EXERCISE GOAL »
Collect each line of the entries that holds the string "left".

RAW DATA »
__________
Lemma lindblad_sol_outer_trace w w' T u0 u1 u0' u1' :
  let A := lindblad_sol w (qubit_outer u0 u1 u0' u1') T in
  let B := lindblad_sol w' (qubit_outer u0' u1' u0 u1) T in
  let E := exp (-2 * T) in
  let N z := Re (Cmul z (Cconj z)) in
  Re (Cmul (A 0%nat 0%nat) (B 0%nat 0%nat)) + Re (Cmul (A 0%nat 1%nat) (B 1%nat 0%nat))
  + Re (Cmul (A 1%nat 0%nat) (B 0%nat 1%nat)) + Re (Cmul (A 1%nat 1%nat) (B 1%nat 1%nat)) =
  (1 + E * E) / 2 * (N u0 * N u0' + N u1 * N u1')
  + (1 - E * E) * (Re (Cmul u0 (Cconj u1)) * Re (Cmul u0' (Cconj u1'))
                   + Im (Cmul u0 (Cconj u1)) * Im (Cmul u0' (Cconj u1')))
  + E * cos ((w - w') * T) * (N u0 * N u1' + N u1 * N u0').
Proof.
  intros A B E N. subst A B E N. unfold lindblad_sol, qubit_outer. simpl.
  replace (exp (-2 * T)) with (exp (-1 * T) * exp (-1 * T))
    by (rewrite <- exp_plus; f_equal; ring).
  replace ((w - w') * T) with (w * T - w' * T) by ring.
  replace (- w * T) with (- (w * T)) by ring. replace (- w' * T) with (- (w' * T)) by ring.
  rewrite cos_minus, !cos_neg, !sin_neg.
  destruct u0 as [x0 y0], u1 as [x1 y1], u0' as [x0' y0'], u1' as [x1' y1']; simpl. field.
Qed.

Lemma lindblad_sol_ext w X X' t :
  (forall c c', (c < 2)%nat -> (c' < 2)%nat -> X c c' = X' c c') ->
  forall a a', lindblad_sol w X t a a' = lindblad_sol w X' t a a'.
Proof.
  intros H a a'. unfold lindblad_sol.
  rewrite (H 0%nat 0%nat), (H 1%nat 1%nat), (H 0%nat 1%nat), (H 1%nat 0%nat) by lia.
  reflexivity.
Qed.

Section PureInput.
Variables (m : nat) (v : nat -> Defs.C) (xi : Mat).
Hypothesis xi_outer : forall i j, (i < 2 * m)%nat -> (j < 2 * m)%nat ->
  xi i j = Cmul (v i) (Cconj (v j)).

(* Block [(b, b')] of [xi] is [|u_b><u_b'|] with [u_b = (v_b, v_{m+b})]. *)
Lemma chan_ext_out_block w T Y : chan_ext_out w T m xi Y ->
  forall a a' b b' i j, (a < 2)%nat -> (a' < 2)%nat -> (b < m)%nat -> (b' < m)%nat ->
  i = (a * m + b)%nat -> j = (a' * m + b')%nat ->
  Y i j = lindblad_sol w (qubit_outer (v b) (v (m + b)%nat) (v b') (v (m + b')%nat)) T a a'.
Proof.
  intros [Yb [Hc HY]] a a' b b' i j Ha Ha' Hb Hb' -> ->.
  rewrite HY, (chan_out_unique _ _ _ _ (Hc b b' Hb Hb') a a' Ha Ha') by assumption.
  apply lindblad_sol_ext. intros c c' Hc1 Hc2.
  rewrite xi_outer by nia.
  destruct c as [|[|c]]; [| |lia]; destruct c' as [|[|c']]; try lia;
    unfold qubit_outer; rewrite ?Nat.mul_0_l, ?Nat.mul_1_l, ?Nat.add_0_l; reflexivity.
Qed.

Lemma ptrace_Z_outer a a' : (a < 2)%nat -> (a' < 2)%nat ->
  ptrace_Z m xi a a' = csum m (fun b => Cmul (v (a * m + b)%nat) (Cconj (v (a' * m + b)%nat))).
Proof. intros. apply csum_ext. intros. apply xi_outer; nia. Qed.

End PureInput.

(* [Re Tr(Y Y')] for two Lindblad outputs on a purification with reduced state
   [s]; [E] is the population decay factor and [c] the cosine of the phase
   difference. *)
Definition lindblad_overlap (E c : R) (s : Mat) : R :=
  (1 + E * E) / 2 * (Re (s 0%nat 0%nat) * Re (s 0%nat 0%nat) + Re (s 1%nat 1%nat) * Re (s 1%nat 1%nat))
  + (1 - E * E) * (Re (s 0%nat 1%nat) * Re (s 0%nat 1%nat) + Im (s 0%nat 1%nat) * Im (s 0%nat 1%nat))
  + E * c * (2 * (Re (s 0%nat 0%nat) * Re (s 1%nat 1%nat))).

Lemma Re_trace_chan_ext_pure w w' T m xi v Y Y' :
  (forall i j, (i < 2 * m)%nat -> (j < 2 * m)%nat -> xi i j = Cmul (v i) (Cconj (v j))) ->
  chan_ext_out w T m xi Y -> chan_ext_out w' T m xi Y' ->
  Re (trace (2 * m)%nat (mmul (2 * m)%nat Y Y')) =
  lindblad_overlap (exp (-2 * T)) (cos ((w - w') * T)) (ptrace_Z m xi).
Proof.
  intros Hv HY HY'.
  unfold lindblad_overlap. rewrite !(ptrace_Z_outer m v xi Hv) by lia.
  rewrite !Re_csum, Im_csum, <- rsum2_quadratic, Re_trace_mmul_double.
  apply rsum_ext. intros b Hb. apply rsum_ext. intros b' Hb'.
  pose proof (chan_ext_out_block m v xi Hv w T Y HY) as B.
  pose proof (chan_ext_out_block m v xi Hv w' T Y' HY') as B'.
  rewrite (B 0 0 b b' b b')%nat, (B 0 1 b b' b (m + b'))%nat,
    (B 1 0 b b' (m + b) b')%nat, (B 1 1 b b' (m + b) (m + b'))%nat,
    (B' 0 0 b' b b' b)%nat, (B' 1 0 b' b (m + b') b)%nat,
    (B' 0 1 b' b b' (m + b))%nat, (B' 1 1 b' b (m + b') (m + b))%nat by lia.
  rewrite lindblad_sol_outer_trace, Nat.mul_1_l. reflexivity.
Qed.

Lemma lindblad_overlap_le_1 E rho : 0 <= E <= 1 -> density 2 rho ->
  lindblad_overlap E 1 rho <= 1.
Proof.
  intros HE Hd.
  destruct (qubit_density_entries rho Hd) as (_ & _ & _ & _ & Tr & P0 & P1 & Ps).
  unfold lindblad_overlap.
  set (r0 := Re (rho 0%nat 0%nat)) in *. set (r1 := Re (rho 1%nat 1%nat)) in *.
  set (x := Re (rho 0%nat 1%nat)) in *. set (y := Im (rho 0%nat 1%nat)) in *.
  (* [1 - overlap] is a sum of three nonnegative terms once [1 = (r0 + r1)^2] *)
  assert (h1 : 0 <= (1 - E * E) * (r0 * r1 - (x * x + y * y))) by (apply Rmult_le_pos; nra).
  assert (h2 : 0 <= (1 - E) * (r0 * r1)) by (apply Rmult_le_pos; nra).
  assert (h3 : 0 <= (1 - E * E) * ((r0 - r1) * (r0 - r1)))
    by (apply Rmult_le_pos; [nra | apply Rle_0_sqr]).
  apply Rle_trans with ((r0 + r1) * (r0 + r1)); [nra | rewrite Tr; lra].
Qed.

Lemma superfid_chan_ext_pure Omega eps T rho m xi Y0 Y1 :
  0 <= T -> density 2 rho -> pure_state (2 * m) xi ->
  (forall a a', (a < 2)%nat -> (a' < 2)%nat -> ptrace_Z m xi a a' = rho a a') ->
  chan_ext_out (Omega + 0) T m xi Y0 -> chan_ext_out (Omega + eps) T m xi Y1 ->
  superfid (2 * m) Y0 Y1 =
  1 - 2 * exp (- (2 * T)) * (1 - cos (eps * T)) * Re (rho 0%nat 0%nat) * Re (rho 1%nat 1%nat).
Proof.
  intros HT Hd [_ [v Hv]] Hpt H0 H1.
  unfold superfid.
  rewrite (Re_trace_chan_ext_pure _ _ T m xi v Y0 Y1 Hv H0 H1),
    (Re_trace_chan_ext_pure _ _ T m xi v Y0 Y0 Hv H0 H0),
    (Re_trace_chan_ext_pure _ _ T m xi v Y1 Y1 Hv H1 H1).
  replace ((Omega + 0 - (Omega + eps)) * T) with (- (eps * T)) by ring.
  rewrite !Rminus_diag, Rmult_0_l, cos_0, cos_neg.
  replace (-2 * T) with (- (2 * T)) by ring.
  assert (HE : 0 <= exp (- (2 * T)) <= 1).
  { split; [left; apply exp_pos|]. rewrite <- exp_0.
    destruct (Req_dec T 0) as [-> | HT0].
    - rewrite Rmult_0_r, Ropp_0. apply Rle_refl.
    - left. apply exp_increasing. lra. }
  assert (Hovl : forall c, lindblad_overlap (exp (- (2 * T))) c (ptrace_Z m xi) =
                           lindblad_overlap (exp (- (2 * T))) c rho).
  { intro c. unfold lindblad_overlap. rewrite !Hpt by lia. reflexivity. }
  rewrite !Hovl, sqrt_sqrt by (pose proof (lindblad_overlap_le_1 _ rho HE Hd); lra).
  unfold lindblad_overlap. ring.
Qed.

(* Index [2 a + b] encodes [|a>|b>], so block [(i mod 2, j mod 2)] holds entry [(i/2, j/2)]. *)
Definition chan_ext_sol (w T : R) (xi : Mat) : Mat := fun i j =>
  lindblad_sol w (fun c c' => xi (c * 2 + i mod 2)%nat (c' * 2 + j mod 2)%nat) T
    (i / 2)%nat (j / 2)%nat.

Lemma chan_ext_out_sol w T xi : chan_ext_out w T 2 xi (chan_ext_sol w T xi).
Proof.
  exists (fun b b' => lindblad_sol w (fun c c' => xi (c * 2 + b)%nat (c' * 2 + b')%nat) T).
  split.
  - intros b b' _ _. apply chan_out_lindblad_sol.
  - intros a a' b b' Ha Ha' Hb Hb'.
    destruct a as [|[|]]; try lia; destruct a' as [|[|]]; try lia;
    destruct b as [|[|]]; try lia; destruct b' as [|[|]]; try lia; reflexivity.
Qed.

Theorem mainTheorem7 (Omega eps T : R) (rho : Mat) :
  0 <= T -> density 2 rho ->
  channel_superfidelity_is Omega 0 eps T rho
    (1 - 2 * exp (- (2 * T)) * (1 - cos (eps * T)) * Re (rho 0%nat 0%nat) * Re (rho 1%nat 1%nat)).
Proof.
  intros HT Hd. split.
  - intros g (m & xi & Y0 & Y1 & Hp & Hpt & H0 & H1 & ->).
    rewrite (superfid_chan_ext_pure Omega eps T rho m xi Y0 Y1 HT Hd Hp Hpt H0 H1).
    apply Rle_refl.
  - intros y Hy.
    destruct (qubit_purification rho Hd) as [v Hv].
    set (xi := fun i j => Cmul (v i) (Cconj (v j))).
    pose proof (outer_pure_state 2 v rho Hd Hv) as Hp.
    pose proof (chan_ext_out_sol (Omega + 0) T xi) as H0.
    pose proof (chan_ext_out_sol (Omega + eps) T xi) as H1.
    rewrite <- (superfid_chan_ext_pure Omega eps T rho 2 xi _ _ HT Hd Hp Hv H0 H1).
    apply Hy. exists 2%nat, xi, (chan_ext_sol (Omega + 0) T xi), (chan_ext_sol (Omega + eps) T xi).
    exact (conj Hp (conj Hv (conj H0 (conj H1 eq_refl)))).
Qed.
__________
TASK RESPONSE »
  { split; [left; apply exp_pos|]. rewrite <- exp_0.
    - left. apply exp_increasing. lra. }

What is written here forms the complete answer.